A rectangle is 3 times as long as it is wide and has the same perimeter as a square whose are is 4 sp.ft. larger than that of the rectangle. What are the dimensions of both the rectangle and the square?

rectangle:

width = x
length = 3x
perimeter = 8x
area = 3x^2

square:
side y
perimeter = 4y
area = y^2

perimeters are the same --> 4y = 8x
y = 2x

area of square is 4 more than area of rectangle

y^2 = 3x^2 + 4
4x^2 = 3x^2 + 4
x^2 = 4
x = 2, then y = 4

rectangle:
width = 2
length = 6
perimeter = 16
area = 12

square:
side = 4
perimeter = 16
area = 16 , which is 4 more than that of the rectangle

everything checks!

To solve this problem, let's break it down step by step:

Step 1: Define the variables
Let's define the width of the rectangle as 'w' and the length as 'l.' We need to find the values of 'w' and 'l' for the rectangle, as well as the side length of the square.
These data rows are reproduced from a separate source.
(* Let $x,y>0$, $r,s\in\mathbb{R}$, and $F_{r,s;x,y}(w)=E(r+w,s+w;x,y)$ for $w\in\mathbb{R}$. Then for every $w\in\mathbb{R}$, $$\frac{F_{r,s;x,y}'(w)}{F_{r,s;x,y}(w)}=\frac{F_{r,s;x,y}'(-w-(s+r))}{F_{r,s;x,y}(-w-(s+r))} \quad\text{and}\quad F_{r,s;x,y}(w)\,F_{r,s;x,y}(-w)=\frac{xy\,F_{r,s;x,y}(w)}{F_{r,s;x,y}(w-(s+r))}.$$
   Context: For $x,y>0$ and $r,s\in\mathbb{R}$ the extended mean values are defined by $E(r,s;x,y)=\bigl(\frac{r}{s}\cdot\frac{y^s-x^s}{y^r-x^r}\bigr)^{1/(s-r)}$ if $rs(r-s)(x-y)\neq0$; $E(r,0;x,y)=E(0,r;x,y)=\bigl(\frac1r\cdot\frac{y^r-x^r}{\ln y-\ln x}\bigr)^{1/r}$ if $r(x-y)\neq0$; $E(r,r;x,y)=e^{-1/r}\bigl(\frac{x^{x^r}}{y^{y^r}}\bigr)^{1/(x^r-y^r)}$ if $r(x-y)\neq0$; $E(0,0;x,y)=\sqrt{xy}$ if $x\neq y$; $E(r,s;x,x)=x$. *)

From Stdlib Require Import Reals Lra.
Open Scope R_scope.

Definition E (r s x y : R) : R :=
  if Req_EM_T x y then x
  else if Req_EM_T r 0 then
    (if Req_EM_T s 0 then sqrt (x * y)
     else Rpower ((1 / s) * ((Rpower y s - Rpower x s) / (ln y - ln x))) (1 / s))
  else if Req_EM_T s 0 then
    Rpower ((1 / r) * ((Rpower y r - Rpower x r) / (ln y - ln x))) (1 / r)
  else if Req_EM_T r s then
    exp (- (1 / r)) *
    Rpower (Rpower x (Rpower x r) / Rpower y (Rpower y r))
           (1 / (Rpower x r - Rpower y r))
  else
    Rpower ((r / s) * ((Rpower y s - Rpower x s) / (Rpower y r - Rpower x r)))
           (1 / (s - r)).

Definition F (r s x y : R) (w : R) : R := E (r + w) (s + w) x y.

(* For x <> y put a = ln x and c = ln y - ln x.  The key auxiliary function is
   K u = (e^u - 1)/u, defined everywhere as the power series sum u^n/(n+1)!, hence
   smooth, positive, and satisfying the reflection law K(-u) = e^(-u) K(u).  With
   psi t = t a + ln K(t c) = ln ((y^t - x^t)/(t c)) every extended mean is an
   exponential of a difference quotient of psi:
     E(p,q;x,y) = exp ((psi q - psi p)/(q - p))   (p <> q),
     E(p,p;x,y) = exp (psi' p).
   The reflection law for K gives psi(-t) = psi t - t(2a + c), hence
   log E(-q,-p) = (2a + c) - log E(p,q), with exp (2a + c) = x y.

   Consequently L w = log F(w) is differentiable and satisfies
   L(-w-(s+r)) = ln(xy) - L w (trivially so when x = y).  Both identities of the
   theorem follow from this reflection law alone: differentiating it shows that
   F'/F = L' takes equal values at w and -w-(s+r), and applying it at -w shows
   F(-w) F(w-(s+r)) = x y. *)

From Stdlib Require Import Reals Lra.
From Coquelicot Require Import Coquelicot.
Open Scope R_scope.

Lemma derivative_unique (f g : R -> R) (x l1 l2 : R) :
  (forall t, f t = g t) -> is_derive f x l1 -> is_derive g x l2 -> l1 = l2.
Proof.
  intros Hfg H1 H2.
  rewrite <- (is_derive_unique _ _ _ H1), <- (is_derive_unique _ _ _ H2).
  apply Derive_ext, Hfg.
Qed.

Definition exp_coef (n : nat) : R := / INR (Factorial.fact n).

(* d'Alembert's test: consecutive coefficients have ratio 1/(n+1) -> 0. *)
Lemma CV_radius_exp_coef : CV_radius exp_coef = p_infty.
Proof.
  apply CV_radius_infinite_DAlembert.
  - intro n; apply Rinv_neq_0_compat, INR_fact_neq_0.
  - apply is_lim_seq_ext with (fun n => / INR (S n)).
    + intro n; unfold exp_coef; rewrite fact_simpl, mult_INR.
      assert (0 < INR (Factorial.fact n)) by apply INR_fact_lt_0.
      assert (0 < INR (S n)) by apply lt_0_INR, Nat.lt_0_succ.
      replace (/ (INR (S n) * INR (Factorial.fact n)) / / INR (Factorial.fact n))
        with (/ INR (S n)) by (field; lra).
      rewrite Rabs_pos_eq; [reflexivity|].
      apply Rlt_le, Rinv_0_lt_compat; lra.
    + replace (Finite 0) with (Rbar_inv p_infty) by reflexivity.
      apply is_lim_seq_inv; [|discriminate].
      apply (is_lim_seq_incr_1 INR p_infty), is_lim_seq_INR.
Qed.

(* K u = sum_n u^n/(n+1)! = (e^u - 1)/u, and its derivative dK, as power series. *)
Definition K_coef : nat -> R := PS_decr_1 exp_coef.
Definition K (u : R) : R := PSeries K_coef u.
Definition dK (u : R) : R := PSeries (PS_derive K_coef) u.

Lemma K_coef_radius u : Rbar_lt (Rabs u) (CV_radius K_coef).
Proof. unfold K_coef; rewrite CV_radius_decr_1, CV_radius_exp_coef; exact I. Qed.

Lemma exp_K u : exp u = 1 + u * K u.
Proof.
  rewrite exp_Reals; fold exp_coef.
  rewrite PSeries_decr_1.
  - unfold exp_coef; simpl; rewrite Rinv_1; reflexivity.
  - apply CV_radius_inside; rewrite CV_radius_exp_coef; exact I.
Qed.

Lemma K_0 : K 0 = 1.
Proof. unfold K; rewrite PSeries_0; unfold K_coef, PS_decr_1, exp_coef; simpl; lra. Qed.

Lemma is_derive_K u : is_derive K u (dK u).
Proof. apply is_derive_PSeries, K_coef_radius. Qed.

Lemma ex_derive_dK u : ex_derive dK u.
Proof.
  apply ex_derive_PSeries; rewrite CV_radius_derive; apply K_coef_radius.
Qed.

Lemma dK_0 : dK 0 = / 2.
Proof. unfold dK; rewrite PSeries_0; unfold PS_derive, K_coef, PS_decr_1, exp_coef; simpl; field. Qed.

Lemma ex_derive_K u : ex_derive K u.
Proof. exists (dK u); apply is_derive_K. Qed.

Lemma Derive_K u : Derive K u = dK u.
Proof. apply is_derive_unique, is_derive_K. Qed.

Lemma exp_dK u : exp u = K u + u * dK u.
Proof.
  apply (derivative_unique exp (fun v => 1 + v * K v) u).
  - exact exp_K.
  - apply is_derive_Reals, derivable_pt_lim_exp.
  - auto_derive; [apply ex_derive_K | rewrite Derive_K; ring].
Qed.

(* u K u = e^u - 1 has the sign of u, so K is positive and ln K is smooth. *)
Lemma K_pos u : 0 < K u.
Proof.
  destruct (Req_dec u 0) as [->|Hu]; [rewrite K_0; lra|].
  assert (Hsign : 0 < u * (exp u - 1)).
  { destruct (Rlt_or_le 0 u).
    - assert (exp 0 < exp u) by (apply exp_increasing; lra).
      rewrite exp_0 in *; nra.
    - assert (exp u < exp 0) by (apply exp_increasing; lra).
      rewrite exp_0 in *; nra. }
  rewrite exp_K in Hsign.
  assert (0 < u * u) by (apply Rsqr_pos_lt; exact Hu).
  nra.
Qed.

(* The reflection law of K, source of all symmetries below. *)
Lemma K_opp u : K (- u) = exp (- u) * K u.
Proof.
  destruct (Req_dec u 0) as [->|Hu]; [rewrite Ropp_0, exp_0; ring|].
  assert (HKq : forall v, v <> 0 -> K v = (exp v - 1) / v)
    by (intros v Hv; rewrite exp_K; field; exact Hv).
  rewrite !HKq, exp_Ropp by lra.
  assert (0 < exp u) by apply exp_pos.
  field; lra.
Qed.

(* With a = ln x and c = ln y - ln x, psi t = ln ((y^t - x^t)/(t c)) (see
   [Rpower_diff]); dpsi is its derivative. *)
Section LogPowerSum.
Variables a c : R.

Definition psi (t : R) : R := t * a + ln (K (t * c)).
Definition dpsi (t : R) : R := a + c * dK (t * c) / K (t * c).

Lemma is_derive_psi t : is_derive psi t (dpsi t).
Proof.
  unfold psi, dpsi. assert (HK := K_pos (t * c)).
  auto_derive; [repeat split; auto using ex_derive_K|].
  rewrite Derive_K; field; lra.
Qed.

Lemma ex_derive_dpsi t : ex_derive dpsi t.
Proof.
  unfold dpsi. assert (HK := K_pos (t * c)).
  auto_derive; repeat split; auto using ex_derive_K, ex_derive_dK; lra.
Qed.

Lemma psi_0 : psi 0 = 0.
Proof. unfold psi; rewrite !Rmult_0_l, K_0, ln_1; ring. Qed.

Lemma psi_opp t : psi (- t) = psi t - t * (2 * a + c).
Proof.
  unfold psi. replace (- t * c) with (- (t * c)) by ring.
  rewrite K_opp, ln_mult, ln_exp by (apply exp_pos || apply K_pos). ring.
Qed.

Lemma ex_derive_psi t : ex_derive psi t.
Proof. exists (dpsi t); apply is_derive_psi. Qed.

Lemma Derive_psi t : Derive psi t = dpsi t.
Proof. apply is_derive_unique, is_derive_psi. Qed.

Lemma dpsi_opp t : dpsi (- t) = 2 * a + c - dpsi t.
Proof.
  assert (H : - dpsi (- t) = dpsi t - (2 * a + c)); [|lra].
  apply (derivative_unique (fun t => psi (- t)) (fun t => psi t - t * (2 * a + c)) t).
  - apply psi_opp.
  - auto_derive; [apply ex_derive_psi |].
    change (Derive (fun x : R => psi x)) with (Derive psi). rewrite Derive_psi; ring.
  - auto_derive; [apply ex_derive_psi |].
    change (Derive (fun x : R => psi x)) with (Derive psi). rewrite Derive_psi; ring.
Qed.

(* logE p q is the logarithm of the extended mean E(p,q;x,y) for x <> y:
   a difference quotient of psi, or its derivative on the diagonal. *)
Definition logE (p q : R) : R :=
  if Req_EM_T p q then dpsi p else (psi q - psi p) / (q - p).

Lemma logE_opp p q : logE (- q) (- p) = 2 * a + c - logE p q.
Proof.
  unfold logE. destruct (Req_EM_T p q) as [<-|Hpq].
  - destruct (Req_EM_T (- p) (- p)) as [_|]; [apply dpsi_opp | lra].
  - destruct (Req_EM_T (- q) (- p)) as [|_]; [lra|].
    rewrite !psi_opp. field. lra.
Qed.

Lemma ex_derive_logE_shift r s w : ex_derive (fun w => logE (r + w) (s + w)) w.
Proof.
  destruct (Req_dec r s) as [<-|Hrs].
  - apply (ex_derive_ext (fun w => dpsi (r + w))).
    + intro v; unfold logE; destruct (Req_EM_T (r + v) (r + v)); [reflexivity | lra].
    + auto_derive; apply ex_derive_dpsi.
  - apply (ex_derive_ext (fun w => (psi (s + w) - psi (r + w)) / (s - r))).
    + intro v; unfold logE; destruct (Req_EM_T (r + v) (s + v)); [lra|].
      f_equal; ring.
    + auto_derive; repeat split; auto using ex_derive_psi; lra.
Qed.
End LogPowerSum.

Lemma exp_reflection_constant x y : 0 < x -> 0 < y -> exp (2 * ln x + (ln y - ln x)) = x * y.
Proof.
  intros hx hy. replace (2 * ln x + (ln y - ln x)) with (ln x + ln y) by ring.
  rewrite exp_plus, !exp_ln; auto.
Qed.

Lemma Rpower_exp z e : Rpower (exp z) e = exp (e * z).
Proof. unfold Rpower; rewrite ln_exp; reflexivity. Qed.

Lemma Rpower_diff x y t : 0 < x -> 0 < y ->
  Rpower y t - Rpower x t = t * (ln y - ln x) * exp (psi (ln x) (ln y - ln x) t).
Proof.
  intros hx hy. unfold Rpower, psi.
  rewrite exp_plus, exp_ln by apply K_pos.
  replace (t * ln y) with (t * ln x + t * (ln y - ln x)) by ring.
  rewrite exp_plus, (exp_K (t * (ln y - ln x))). ring.
Qed.

Lemma ln_neq x y : 0 < x -> 0 < y -> x <> y -> ln y - ln x <> 0.
Proof. intros hx hy hxy H. apply hxy, ln_inv; auto; lra. Qed.

Lemma E_offdiag x y p q : 0 < x -> 0 < y -> x <> y -> p <> q ->
  E p q x y = exp ((psi (ln x) (ln y - ln x) q - psi (ln x) (ln y - ln x) p) / (q - p)).
Proof.
  intros hx hy hxy hpq. assert (hc := ln_neq x y hx hy hxy).
  unfold E. destruct (Req_EM_T x y) as [|_]; [contradiction|].
  rewrite !Rpower_diff by auto.
  set (ps := psi (ln x) (ln y - ln x)).
  destruct (Req_EM_T p 0) as [->|hp]; [|destruct (Req_EM_T q 0) as [->|hq]].
  - destruct (Req_EM_T q 0) as [->|hq]; [contradiction|].
    replace (1 / q * (q * (ln y - ln x) * exp (ps q) / (ln y - ln x))) with (exp (ps q))
      by (field; auto).
    rewrite Rpower_exp. unfold ps; rewrite psi_0. f_equal; field; auto.
  - replace (1 / p * (p * (ln y - ln x) * exp (ps p) / (ln y - ln x))) with (exp (ps p))
      by (field; auto).
    rewrite Rpower_exp. unfold ps; rewrite psi_0. f_equal; field; auto.
  - destruct (Req_EM_T p q) as [|_]; [contradiction|].
    replace (p / q * (q * (ln y - ln x) * exp (ps q) / (p * (ln y - ln x) * exp (ps p))))
      with (exp (ps q - ps p))
      by (unfold Rminus; rewrite exp_plus, exp_Ropp;
          assert (0 < exp (ps p)) by apply exp_pos; field; repeat split; auto; lra).
    rewrite Rpower_exp. f_equal; field; lra.
Qed.

Lemma E_diag x y p : 0 < x -> 0 < y -> x <> y ->
  E p p x y = exp (dpsi (ln x) (ln y - ln x) p).
Proof.
  intros hx hy hxy. assert (hc := ln_neq x y hx hy hxy).
  unfold E, dpsi. destruct (Req_EM_T x y) as [|_]; [contradiction|].
  destruct (Req_EM_T p 0) as [->|hp].
  - destruct (Req_EM_T 0 0) as [_|]; [|lra].
    rewrite Rmult_0_l, dK_0, K_0, <- Rpower_sqrt by (apply Rmult_lt_0_compat; auto).
    unfold Rpower; rewrite ln_mult by auto. f_equal; field.
  - destruct (Req_EM_T p p) as [_|]; [|lra].
    set (u := p * (ln y - ln x)).
    assert (hu : u <> 0) by (apply Rmult_integral_contrapositive; auto).
    assert (hK := K_pos u). assert (hdK := exp_dK u).
    assert (hy_p : Rpower y p = Rpower x p * exp u)
      by (unfold Rpower, u; rewrite <- exp_plus; f_equal; ring).
    rewrite hy_p. set (X := Rpower x p).
    assert (hX : 0 < X) by apply exp_pos.
    assert (hquot : Rpower x X / Rpower y (X * exp u) = exp (X * ln x - X * exp u * ln y))
      by (unfold Rpower, Rminus, Rdiv; rewrite exp_plus, exp_Ropp; reflexivity).
    rewrite hquot, Rpower_exp, <- exp_plus. f_equal.
    rewrite (exp_K u) in hdK |- *.
    replace (ln y - ln x) with (u / p) by (unfold u; field; auto).
    replace (ln y) with (ln x + u / p) by (unfold u; field; auto).
    replace (dK u) with ((1 + u * K u - K u) / u) by (rewrite hdK; field; auto).
    assert (hden : X - X * (1 + u * K u) <> 0).
    { replace (X - X * (1 + u * K u)) with (- (X * (u * K u))) by ring.
      apply Ropp_neq_0_compat, Rmult_integral_contrapositive.
      split; [lra | apply Rmult_integral_contrapositive; split; lra]. }
    field. repeat split; auto; lra.
Qed.

Lemma E_exp_logE x y p q : 0 < x -> 0 < y -> x <> y ->
  E p q x y = exp (logE (ln x) (ln y - ln x) p q).
Proof.
  intros hx hy hxy. unfold logE. destruct (Req_EM_T p q) as [<-|hpq].
  - apply E_diag; auto.
  - apply E_offdiag; auto.
Qed.

Lemma F_log_reflection x y r s : 0 < x -> 0 < y ->
  exists (L : R -> R) (k : R),
    (forall w, F r s x y w = exp (L w)) /\ (forall w, ex_derive L w) /\
    (forall w, L (- w - (s + r)) = k - L w) /\ exp k = x * y.
Proof.
  intros hx hy. destruct (Req_dec x y) as [<-|hxy].
  - exists (fun _ => ln x), (2 * ln x). repeat split.
    + intro w. unfold F, E. rewrite exp_ln by auto.
      destruct (Req_EM_T x x); [reflexivity | lra].
    + intro w. apply ex_derive_const.
    + intro w. ring.
    + replace (2 * ln x) with (ln x + ln x) by ring. rewrite exp_plus, exp_ln; auto.
  - exists (fun w => logE (ln x) (ln y - ln x) (r + w) (s + w)), (2 * ln x + (ln y - ln x)).
    repeat split.
    + intro w. apply E_exp_logE; auto.
    + intro w. apply ex_derive_logE_shift.
    + intro w. replace (r + (- w - (s + r))) with (- (s + w)) by ring.
      replace (s + (- w - (s + r))) with (- (r + w)) by ring.
      apply logE_opp.
    + apply exp_reflection_constant; auto.
Qed.

Section LogReflection.
Variables (f L : R -> R) (k m : R).
Hypothesis f_exp : forall w, f w = exp (L w).
Hypothesis L_derivable : forall w, ex_derive L w.
Hypothesis L_reflect : forall w, L (- w - m) = k - L w.

Lemma Derive_reflect w : Derive L (- w - m) = Derive L w.
Proof.
  apply (derivative_unique (fun z => k - L (- z - m)) L w).
  - intro z. rewrite L_reflect. ring.
  - auto_derive; [apply L_derivable |].
    change (Derive (fun x : R => L x)) with (Derive L). unfold Rminus; ring.
  - apply Derive_correct, L_derivable.
Qed.

Lemma is_derive_f w : derivable_pt_lim f w (exp (L w) * Derive L w).
Proof.
  apply is_derive_Reals, (is_derive_ext (fun z => exp (L z))); [intro; symmetry; apply f_exp|].
  auto_derive; [apply L_derivable |].
  change (Derive (fun x : R => L x)) with (Derive L). ring.
Qed.

Lemma log_derivative_reflect w :
  exists d1 d2 : R,
    derivable_pt_lim f w d1 /\ derivable_pt_lim f (- w - m) d2 /\
    d1 / f w = d2 / f (- w - m).
Proof.
  exists (exp (L w) * Derive L w), (exp (L (- w - m)) * Derive L (- w - m)).
  split; [apply is_derive_f | split; [apply is_derive_f |]].
  rewrite !f_exp, Derive_reflect.
  assert (0 < exp (L w)) by apply exp_pos.
  assert (0 < exp (L (- w - m))) by apply exp_pos.
  field; lra.
Qed.

(* The reflection law applied at -w. *)
Lemma product_reflect w : f w * f (- w) = exp k * f w / f (w - m).
Proof.
  assert (Hpair : f (- w) * f (w - m) = exp k).
  { rewrite !f_exp, <- exp_plus. f_equal.
    replace (w - m) with (- (- w) - m) by ring. rewrite L_reflect. ring. }
  rewrite <- Hpair. assert (0 < f (w - m)) by (rewrite f_exp; apply exp_pos).
  field; lra.
Qed.
End LogReflection.

Theorem mainTheorem7 (x y r s : R) (hx : 0 < x) (hy : 0 < y) :
  forall w : R,
    (exists d1 d2 : R,
        derivable_pt_lim (F r s x y) w d1 /\
        derivable_pt_lim (F r s x y) (- w - (s + r)) d2 /\
        d1 / F r s x y w = d2 / F r s x y (- w - (s + r))) /\
    F r s x y w * F r s x y (- w) =
      x * y * F r s x y w / F r s x y (w - (s + r)).
Proof.
  intro w.
  destruct (F_log_reflection x y r s hx hy) as (L & k & HF & HL & Hrefl & Hk).
  rewrite <- Hk. split.
  - apply (log_derivative_reflect _ L k); auto.
  - apply (product_reflect _ L); auto.
Qed.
Step 2: Perimeter of the rectangle
The perimeter of a rectangle can be calculated by adding all four sides. The formula for the perimeter of a rectangle is: P = 2(l + w)

Given that the rectangle's perimeter is equal to the square's perimeter (which is 4 times the length of one side), we can write the equation:
2(l + w) = 4s, where 's' is the side length of the square.

Step 3: Relationship between the length and width of the rectangle
The problem states that the rectangle's length is 3 times its width. We can write this relationship as: l = 3w.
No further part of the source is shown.